### WHAT NEEDS TO BE DONE
Only these lines of the data below are wanted: the one with "Definition upd (x", the one with "for a scalar", and any lines between them, each repeated exactly.

### DATA
(* For every infinite binary sequence $b\in\{0,1\}^{\mathbb N}$, the set $F_b=\{v\in\mathscr C : \rho(v)=b\}$ satisfies $$F_b=\{\langle a\rangle \sigma(b) : a\in\mathbb N^{\mathbb N}\}.$$ Consequently $F_b$ is uncountable, $\sigma(b)$ is the unique element of $F_b$ containing no two consecutive $0$'s, and $\sigma(b)$ is the maximum of $F_b$ with respect to the lexicographic order.
   Context: Binary words are finite or infinite sequences over $\{0,1\}$. Define $\rho$ on binary words: for $b=b_1b_2\dots$, $\rho(b)$ is obtained by deleting every digit $b_n=0$ and replacing every $b_n=1$ by $0$ if $n$ is odd and by $1$ if $n$ is even. Let $\mathscr C$ be the set of infinite binary sequences containing infinitely many $1$'s. Define $\sigma$ on a binary sequence $b=b_1b_2\dots$ as the concatenation $\sigma(b)=s_1s_2\dots$ where $s_1=1$ if $b_1=0$ and $s_1=01$ if $b_1=1$, and for $n\ge2$, $s_n=1$ if $b_n\ne b_{n-1}$ and $s_n=01$ if $b_n=b_{n-1}$. For $a=(a_1,a_2,\dots)\in\mathbb N^{\mathbb N}$ (with $\mathbb N$ including $0$) and $c\in\mathscr C$, $\langle a\rangle c$ denotes the sequence obtained from $c$ by inserting the block $0^{2a_k}$ immediately before the $k$-th occurrence of $1$ in $c$, for every $k\ge1$. *)

From mathcomp Require Import all_boot.
Set Implicit Arguments. Unset Strict Implicit. Unset Printing Implicit Defensive.

(* Infinite binary sequences b = b_1 b_2 ... are functions nat -> bool,
   0-indexed: (b i) is the digit b_{i+1}; true = 1, false = 0. *)

Definition pref (v : nat -> bool) (n : nat) : seq bool := mkseq v n.

Definition inC (v : nat -> bool) : Prop := forall n, exists m, n <= m /\ v m = true.
(* Let $n\in\mathbb{N}_0$, let $f\in C^{2n}(\mathbb{R}^d,\mathbb{R})$, $\underline a\in C^{2n}(\mathbb{R}^d,\mathbb{R}^d)$, $b\in C^{2n+1}(\mathbb{R}^d,\mathbb{R}^{d\times m})$, and let $L^0=\sum_{k=1}^d\tilde a^k\frac{\partial}{\partial x^k}+\frac12\sum_{k,l=1}^d\sum_{j=1}^m b^{k,j}b^{l,j}\frac{\partial^2}{\partial x^k\partial x^l}$ with $\tilde a^i=\underline a^i+\frac12\sum_{k=1}^d\sum_{l=1}^m b^{k,l}\frac{\partial b^{i,l}}{\partial x^k}$. Then for every $x_0\in\mathbb{R}^d$ $$(L^0)^n f(x_0)=\sum_{\substack{t\in LTS(S)\\ \rho(t)=n}}\ \sum_{j_1,\dots,j_{s(t)/2}=1}^m\frac{F(t)(x_0)}{2^{s(t)/2}},$$ where the elementary differentials $F(t)$ are formed with the drift $\underline a$ (not $\tilde a$) at deterministic nodes.
   Context: Fix $d,m\ge1$, $f:\mathbb{R}^d\to\mathbb{R}$, $\underline a:\mathbb{R}^d\to\mathbb{R}^d$, $b:\mathbb{R}^d\to\mathbb{R}^{d\times m}$ with columns $b^j$ and entries $b^{k,j}$. A monotonically labelled coloured tree with $l$ nodes consists of nodes $1,\dots,l$, a father map $t':\{2,\dots,l\}\to\{1,\dots,l-1\}$ with $t'(i)<i$ (node 1 is the root), and a colour per node: $\gamma$ (root), $\tau$ (deterministic) or $\sigma_j$ (stochastic, index $j$). $LTS(S)$ is the set of trees obtainable thus: start with the single node $1$ coloured $\gamma$; at each step, if the current tree has $\lambda$ nodes and $k-1$ pairs of stochastic nodes have been added so far, either (a) add node $\lambda+1$ coloured $\tau$ with father any node in $\{1,\dots,\lambda\}$, or (b) add nodes $\lambda+1,\lambda+2$, both coloured $\sigma_{j_k}$ ($j_k$ a formal index variable), with $t'(\lambda+1)\in\{1,\dots,\lambda\}$ and $t'(\lambda+2)\in\{1,\dots,\lambda+1\}$ (node $\lambda+1$ may be the father of node $\lambda+2$). $d(t)$ = number of $\tau$-nodes, $s(t)$ = number of stochastic nodes (even; index variables $j_1,\dots,j_{s/2}$), $\rho(t)=d(t)+s(t)/2$. The index variables range over $\{1,\dots,m\}$ in the sums. Elementary differential: $g^{(k)}(x)(v_1,\dots,v_k)$ has $I$-th component $\sum_{J_1,\dots,J_k}\frac{\partial^k g^I(x)}{\partial x^{J_1}\cdots\partial x^{J_k}}v_1^{J_1}\cdots v_k^{J_k}$; for a tree with index values fixed, recursively for node $i$ with children $c_1,\dots,c_k$: $F_i(x)=g_i^{(k)}(x)(F_{c_1}(x),\dots,F_{c_k}(x))$, with $g_i=f$ for $\gamma$, $\underline a$ for $\tau$, $b^j$ for $\sigma_j$; $F(t):=F_1$. *)

From mathcomp Require Import ssreflect ssrfun ssrbool eqtype ssrnat seq fintype bigop.
From Stdlib Require Import Reals ClassicalEpsilon.
From Stdlib Require List.

Set Implicit Arguments.
Unset Strict Implicit.
Unset Printing Implicit Defensive.

Definition pt (d : nat) := 'I_d -> R.

Section Analysis.
Variable d : nat.

Definition upd (x : pt d) (k : 'I_d) (t : R) : pt d :=
  fun i => if i == k then t else x i.

(* partial derivative d g / d x^k (total function: the derivative when it
   exists; unspecified otherwise) *)
Definition partial (k : 'I_d) (g : pt d -> R) : pt d -> R :=
  fun x => epsilon (inhabits 0%R)
    (fun l => derivable_pt_lim (fun t => g (upd x k t)) (x k) l).

Definition dpart (ks : seq 'I_d) (g : pt d -> R) : pt d -> R :=
  foldr partial g ks.

Definition contRd (g : pt d -> R) : Prop :=
  forall x eps, (0 < eps)%R -> exists delta, (0 < delta)%R /\
    forall y : pt d, (forall i, (Rabs (y i - x i) < delta)%R) ->
      (Rabs (g y - g x) < eps)%R.

Definition Ck (k : nat) (g : pt d -> R) : Prop :=
  forall ks : seq 'I_d, (size ks <= k)%N ->
    contRd (dpart ks g) /\
    ((size ks < k)%N -> forall (i : 'I_d) (x : pt d),
        exists l, derivable_pt_lim (fun t => dpart ks g (upd x i t)) (x i) l).

Definition sumI (F : 'I_d -> R) : R := \big[Rplus/0%R]_(i < d) F i.

(* g^{(k)}(x)(v_1,...,v_k) for a scalar component g:
   sum_{J_1..J_k} d^k g/dx^{J_1}..dx^{J_k} v_1^{J_1} ... v_k^{J_k} *)
Fixpoint deriv_apply (g : pt d -> R) (vs : seq (pt d -> 'I_d -> R)) : pt d -> R :=
  match vs with
  | [::] => g
  | v :: vs' => fun x => sumI (fun J => (deriv_apply (partial J g) vs' x * v x J)%R)
  end.

End Analysis.

(* colour of a non-root node: tau, or sigma_{j_k} where k is the (0-based)
   number of the index variable j_{k+1} *)
Inductive colour := Tau | Sig of nat.

(* A tree with l nodes, nodes labelled 0..l-1 (0 = root, coloured gamma).
   The list has l-1 entries; entry number (i-1) gives (father, colour) of node i. *)
Definition tree := seq (nat * colour).

Definition nnodes (t : tree) : nat := (size t).+1.

Definition is_tau (c : colour) : bool := if c is Tau then true else false.
Definition is_sig (c : colour) : bool := if c is Sig _ then true else false.

Definition dnum (t : tree) : nat := count (fun e => is_tau e.2) t.
Definition snum (t : tree) : nat := count (fun e => is_sig e.2) t.
Definition rho (t : tree) : nat := dnum t + (snum t)./2.

(* LTS(S): trees obtainable by the growth process (0-based labels). *)
Inductive LTS : tree -> Prop :=
  | LTS_root : LTS [::]
  | LTS_det (t : tree) (p : nat) :
      LTS t -> (p < nnodes t)%N -> LTS (t ++ [:: (p, Tau)])
  | LTS_sto (t : tree) (p q : nat) :
      LTS t -> (p < nnodes t)%N -> (q < (nnodes t).+1)%N ->
      LTS (t ++ [:: (p, Sig (snum t)./2); (q, Sig (snum t)./2)]).

Definition father (t : tree) (i : nat) : nat := (nth (0, Tau) t i.-1).1.
Definition colour_of (t : tree) (i : nat) : colour := (nth (0, Tau) t i.-1).2.

Definition children (t : tree) (i : nat) : seq nat :=
  filter (fun j => father t j == i) (iota 1 (size t)).

Section Elementary.
Variables (d m : nat).
Variable f : pt d -> R.
Variable a : 'I_d -> pt d -> R.
Variable b : 'I_d -> 'I_m -> pt d -> R.

Definition gcol (J : seq 'I_m) (c : colour) (I : 'I_d) : pt d -> R :=
  match c with
  | Tau => a I
  | Sig k => match List.nth_error J k with
             | Some j => b I j
             | None => fun _ => 0%R
             end
  end.

(* F_i for non-root node i (vector valued, given componentwise);
   fuel bounds the depth of recursion (labels strictly increase downwards). *)
Fixpoint Fnode (t : tree) (J : seq 'I_m) (fuel : nat) (i : nat) : pt d -> 'I_d -> R :=
  match fuel with
  | 0 => fun _ _ => 0%R
  | fuel'.+1 => fun x I =>
      deriv_apply (gcol J (colour_of t i) I) (map (Fnode t J fuel') (children t i)) x
  end.

(* elementary differential F(t) = F_1 (the root, coloured gamma, uses f) *)
Definition Fel (t : tree) (J : seq 'I_m) : pt d -> R :=
  deriv_apply f (map (Fnode t J (nnodes t)) (children t 0)).

Fixpoint sumJ (r : nat) (G : seq 'I_m -> R) : R :=
  match r with
  | 0 => G [::]
  | r'.+1 => \big[Rplus/0%R]_(j < m) sumJ r' (fun J => G (j :: J))
  end.

Definition atil (i : 'I_d) : pt d -> R :=
  fun x => (a i x + / 2 * sumI (fun k => \big[Rplus/0%R]_(l < m)
                                  (b k l x * partial k (b i l) x)))%R.

Definition L0 (g : pt d -> R) : pt d -> R :=
  fun x => (sumI (fun k => atil k x * partial k g x)
            + / 2 * sumI (fun k => sumI (fun l => \big[Rplus/0%R]_(j < m)
                  (b k j x * b l j x * partial k (partial l g) x))))%R.

End Elementary.

(* Write D_c g := sum_k c^k d_k g for the derivation along a vector field c.
   Because the Ito drift a~ contains the Stratonovich correction, the
   generator factors as  L^0 = D_a + 1/2 sum_j D_{b^j} D_{b^j}  (L0_Dvec);
   this is why F(t) uses the drift a and not a~.  The proof then rests on a
   grafting rule: if c is the vector field of a node colour, D_c F(t) is the
   sum of F(t') over the trees t' obtained by attaching one new leaf of that
   colour to any node of t (Fel_graft).  It follows from the Leibniz rule for the multilinear forms
   g^(k)(v_1,..,v_k) (Dvec_deriv_apply) by induction on the subtrees.
   Applying D_a grafts a tau-node, and D_{b^j} D_{b^j} grafts a pair of
   sigma-nodes sharing the new index j, so one application of L^0 maps the
   sum over LTS-trees of order n to the sum over those of order n+1, where
   the latter are enumerated without repetition by growing each tree of
   order n in all possible ways (trees_of_order).  Smoothness is tracked by the
   predicate smooth k (iterated partial derivatives up to order k exist),
   which suffices since trees of order n have at most 2n non-root nodes. *)

From HB Require Import structures.
From mathcomp Require Import ssreflect ssrfun ssrbool eqtype ssrnat seq fintype bigop.
From Stdlib Require Import Reals ClassicalEpsilon FunctionalExtensionality Lia.
From mathcomp Require Import zify.
From Stdlib Require List.

Set Implicit Arguments.
Unset Strict Implicit.
Unset Printing Implicit Defensive.

HB.instance Definition _ := Monoid.isComLaw.Build R 0%R Rplus
  (fun x y z => esym (Rplus_assoc x y z)) Rplus_comm Rplus_0_l.
HB.instance Definition _ := Monoid.isMulLaw.Build R 0%R Rmult Rmult_0_l Rmult_0_r.
HB.instance Definition _ :=
  Monoid.isAddLaw.Build R Rmult Rplus Rmult_plus_distr_r Rmult_plus_distr_l.

Section Calculus.
Variable d : nat.
Local Open Scope R_scope.
Implicit Types (g h : pt d -> R) (x : pt d) (i : 'I_d).

Definition ex_partial g i x :=
  exists l, derivable_pt_lim (fun t => g (upd x i t)) (x i) l.

Lemma upd_same x i : upd x i (x i) = x.
Proof. apply: functional_extensionality => j; rewrite /upd; by case: eqP => [->|]. Qed.

Lemma partial_spec g i x : ex_partial g i x ->
  derivable_pt_lim (fun t => g (upd x i t)) (x i) (partial i g x).
Proof. move=> H; rewrite /partial; exact: (epsilon_spec (inhabits 0) _ H). Qed.

Lemma partial_eq g i x l :
  derivable_pt_lim (fun t => g (upd x i t)) (x i) l -> partial i g x = l.
Proof. move=> H; apply: (uniqueness_limite _ _ _ _ (partial_spec _) H); by exists l. Qed.

Lemma coord_deriv_plus g h i x : ex_partial g i x -> ex_partial h i x ->
  derivable_pt_lim (fun t => g (upd x i t) + h (upd x i t)) (x i)
    (partial i g x + partial i h x).
Proof. move=> Hg Hh; exact: derivable_pt_lim_plus (partial_spec Hg) (partial_spec Hh). Qed.

Lemma coord_deriv_mult g h i x : ex_partial g i x -> ex_partial h i x ->
  derivable_pt_lim (fun t => g (upd x i t) * h (upd x i t)) (x i)
    (partial i g x * h x + g x * partial i h x).
Proof.
move=> Hg Hh; have := derivable_pt_lim_mult _ _ _ _ _ (partial_spec Hg) (partial_spec Hh).
by cbv beta; rewrite upd_same.
Qed.

Lemma coord_deriv_sum (T : Type) (s : seq T) (P : pred T) (F : T -> pt d -> R) i x :
  (forall k, P k -> ex_partial (F k) i x) ->
  derivable_pt_lim (fun t => \big[Rplus/0]_(k <- s | P k) F k (upd x i t)) (x i)
     (\big[Rplus/0]_(k <- s | P k) partial i (F k) x).
Proof.
elim: s => [|e s IH] H.
  rewrite big_nil (_ : (fun t => _) = fun _ => 0); first exact: derivable_pt_lim_const.
  by apply: functional_extensionality => t; rewrite big_nil.
rewrite big_cons (_ : (fun t => _) = fun t => if P e then F e (upd x i t) +
    \big[Rplus/0]_(k <- s | P k) F k (upd x i t)
  else \big[Rplus/0]_(k <- s | P k) F k (upd x i t)); last first.
  by apply: functional_extensionality => t; rewrite big_cons.
case Pe: (P e); last exact: IH.
exact: derivable_pt_lim_plus (partial_spec (H _ Pe)) (IH H).
Qed.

### EXERCISE RESPONSE
Definition upd (x : pt d) (k : 'I_d) (t : R) : pt d :=
  fun i => if i == k then t else x i.

(* partial derivative d g / d x^k (total function: the derivative when it
   exists; unspecified otherwise) *)
Definition partial (k : 'I_d) (g : pt d -> R) : pt d -> R :=
  fun x => epsilon (inhabits 0%R)
    (fun l => derivable_pt_lim (fun t => g (upd x k t)) (x k) l).

Definition dpart (ks : seq 'I_d) (g : pt d -> R) : pt d -> R :=
  foldr partial g ks.

Definition contRd (g : pt d -> R) : Prop :=
  forall x eps, (0 < eps)%R -> exists delta, (0 < delta)%R /\
    forall y : pt d, (forall i, (Rabs (y i - x i) < delta)%R) ->
      (Rabs (g y - g x) < eps)%R.

Definition Ck (k : nat) (g : pt d -> R) : Prop :=
  forall ks : seq 'I_d, (size ks <= k)%N ->
    contRd (dpart ks g) /\
    ((size ks < k)%N -> forall (i : 'I_d) (x : pt d),
        exists l, derivable_pt_lim (fun t => dpart ks g (upd x i t)) (x i) l).

Definition sumI (F : 'I_d -> R) : R := \big[Rplus/0%R]_(i < d) F i.

(* g^{(k)}(x)(v_1,...,v_k) for a scalar component g:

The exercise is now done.